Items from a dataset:
---+---

Lemma hurwitz_kernel_telescope c m n s : 0 < m -> 0 <= s ->
  hurwitz_kernel c m s =
  hurwitz_kernel_partial c m n s + hurwitz_kernel (c + m * INR (S n)) m s.
Proof.
  intros hm hs. unfold hurwitz_kernel_partial. induction n as [|n IH].
  - simpl. rewrite Rmult_0_r, Rplus_0_r, Rmult_1_r. apply hurwitz_kernel_shift; auto.
  - rewrite IH, tech5, (hurwitz_kernel_shift (c + m * INR (S n)) m s hm hs), (S_INR (S n)).
    replace (c + m * (INR (S n) + 1)) with (c + m * INR (S n) + m) by ring. ring.
Qed.

Lemma hurwitz_kernel_split c m s : 0 < m -> 0 <= s ->
  hurwitz_kernel c m s = hurwitz_kernel c (2 * m) s + hurwitz_kernel (c + m) (2 * m) s.
Proof.
  intros hm hs. destruct (Req_dec s 0) as [->|hs0].
  - rewrite !hurwitz_kernel_0. field; lra.
  - rewrite !hurwitz_kernel_pos, exp_opp_mult_plus, exp_opp_mult_double by lra.
    pose proof (exp_opp_lt_1 (m * s)). pose proof (exp_pos (- (m * s))). field. nra.
Qed.

Lemma is_RInt_0_inf_hurwitz_kernel_partial c m n : 0 < c -> 0 < m ->
  is_RInt_0_inf (hurwitz_kernel_partial c m n) (sum_f_R0 (fun k => / (c + m * INR k) ^ 2) n).
Proof.
  intros hc hm. apply (is_RInt_0_inf_sum (fun k s => s * exp (- ((c + m * INR k) * s)))).
  intros k. apply is_RInt_0_inf_mul_exp. pose proof (pos_INR k). nra.
Qed.

Lemma ex_RInt_hurwitz_kernel c m b : 0 < m -> 0 < b -> ex_RInt (hurwitz_kernel c m) 0 b.
Proof.
  intros hm hb. apply (ex_RInt_continuous (V := R_CompleteNormedModule)).
  rewrite Rmin_left, Rmax_right by lra. intros s hs. apply continuous_hurwitz_kernel; lra.
Qed.

Lemma RInt_hurwitz_kernel_telescope c m n b : 0 < c -> 0 < m -> 0 < b ->
  RInt (hurwitz_kernel c m) 0 b =
  RInt (hurwitz_kernel_partial c m n) 0 b + RInt (hurwitz_kernel (c + m * INR (S n)) m) 0 b.
Proof.
  intros hc hm hb. rewrite <- (RInt_plus (V := R_CompleteNormedModule)).
  - apply RInt_ext. rewrite Rmin_left, Rmax_right by lra. intros s hs.
    apply hurwitz_kernel_telescope; lra.
  - apply is_RInt_0_inf_hurwitz_kernel_partial; auto.
  - apply ex_RInt_hurwitz_kernel; auto.
Qed.

Lemma RInt_hurwitz_kernel_le c m b : 0 < c -> 0 < m -> 0 < b ->
  RInt (hurwitz_kernel c m) 0 b <= (/ m + b) / c.
Proof.
  intros hc hm hb.
  assert (exE : ex_RInt (fun s => exp (- (c * s))) 0 b) by (apply (is_RInt_0_inf_exp c); auto).
  apply Rle_trans with (RInt (fun s => (/ m + b) * exp (- (c * s))) 0 b).
  - apply RInt_le; [lra|apply ex_RInt_hurwitz_kernel; auto| |].
    { apply (ex_RInt_scal (V := R_NormedModule)); auto. }
    intros s hs. destruct (hurwitz_kernel_bounds c m s hm ltac:(lra)) as [_ hK].
    pose proof (exp_pos (- (c * s))). nra.
  - rewrite (RInt_scal (V := R_CompleteNormedModule)) by auto. apply Rmult_le_compat_l.
    + pose proof (Rinv_0_lt_compat m hm); lra.
    + apply RInt_le_is_RInt_0_inf; [intros s _; left; apply exp_pos|apply is_RInt_0_inf_exp|]; auto.
Qed.

Lemma RInt_hurwitz_kernel_le_hurwitz_zeta c m b : 0 < c -> 0 < m -> 0 < b ->
  RInt (hurwitz_kernel c m) 0 b <= hurwitz_zeta 2 (c / m) / m ^ 2.
Proof.
  intros hc hm hb.
  assert (pos : forall n, 0 < c + m * INR n) by (intros n; pose proof (pos_INR n); nra).
  assert (bound : forall n, RInt (hurwitz_kernel c m) 0 b <=
    sum_f_R0 (fun k => / (c + m * INR k) ^ 2) n + (/ m + b) / (c + m * INR (S n))).
  { intros n. rewrite (RInt_hurwitz_kernel_telescope c m n b) by auto.
    pose proof (RInt_hurwitz_kernel_le (c + m * INR (S n)) m b (pos (S n)) hm hb).
    assert (RInt (hurwitz_kernel_partial c m n) 0 b <= sum_f_R0 (fun k => / (c + m * INR k) ^ 2) n).
    { apply RInt_le_is_RInt_0_inf; [intros; apply hurwitz_kernel_partial_ge0; auto| |auto].
      apply is_RInt_0_inf_hurwitz_kernel_partial; auto. }
    lra. }
  assert (lim : is_lim_seq
    (fun n => sum_f_R0 (fun k => / (c + m * INR k) ^ 2) n + (/ m + b) / (c + m * INR (S n)))
    (hurwitz_zeta 2 (c / m) / m ^ 2 + (/ m + b) * 0)).
  { apply is_lim_seq_plus'; [apply is_lim_seq_hurwitz_zeta_2_scaled; auto|].
    replace (Finite ((/ m + b) * 0)) with (Rbar_mult (/ m + b) (Rbar_inv p_infty))
      by (simpl; f_equal; ring).
    apply is_lim_seq_scal_l, is_lim_seq_inv; [|discriminate].
    apply (is_lim_seq_incr_1 (fun n => c + m * INR n)), is_lim_seq_affine_INR; auto. }
  pose proof (is_lim_seq_le _ _ _ _ bound (is_lim_seq_const _) lim) as le.
  rewrite Rmult_0_r, Rplus_0_r in le. exact le.
Qed.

---+---

Problem to work on:
Whenever a line of the data includes "with", copy that line.

Result:
    replace (c + m * (INR (S n) + 1)) with (c + m * INR (S n) + m) by ring. ring.
  apply Rle_trans with (RInt (fun s => (/ m + b) * exp (- (c * s))) 0 b).
    replace (Finite ((/ m + b) * 0)) with (Rbar_mult (/ m + b) (Rbar_inv p_infty))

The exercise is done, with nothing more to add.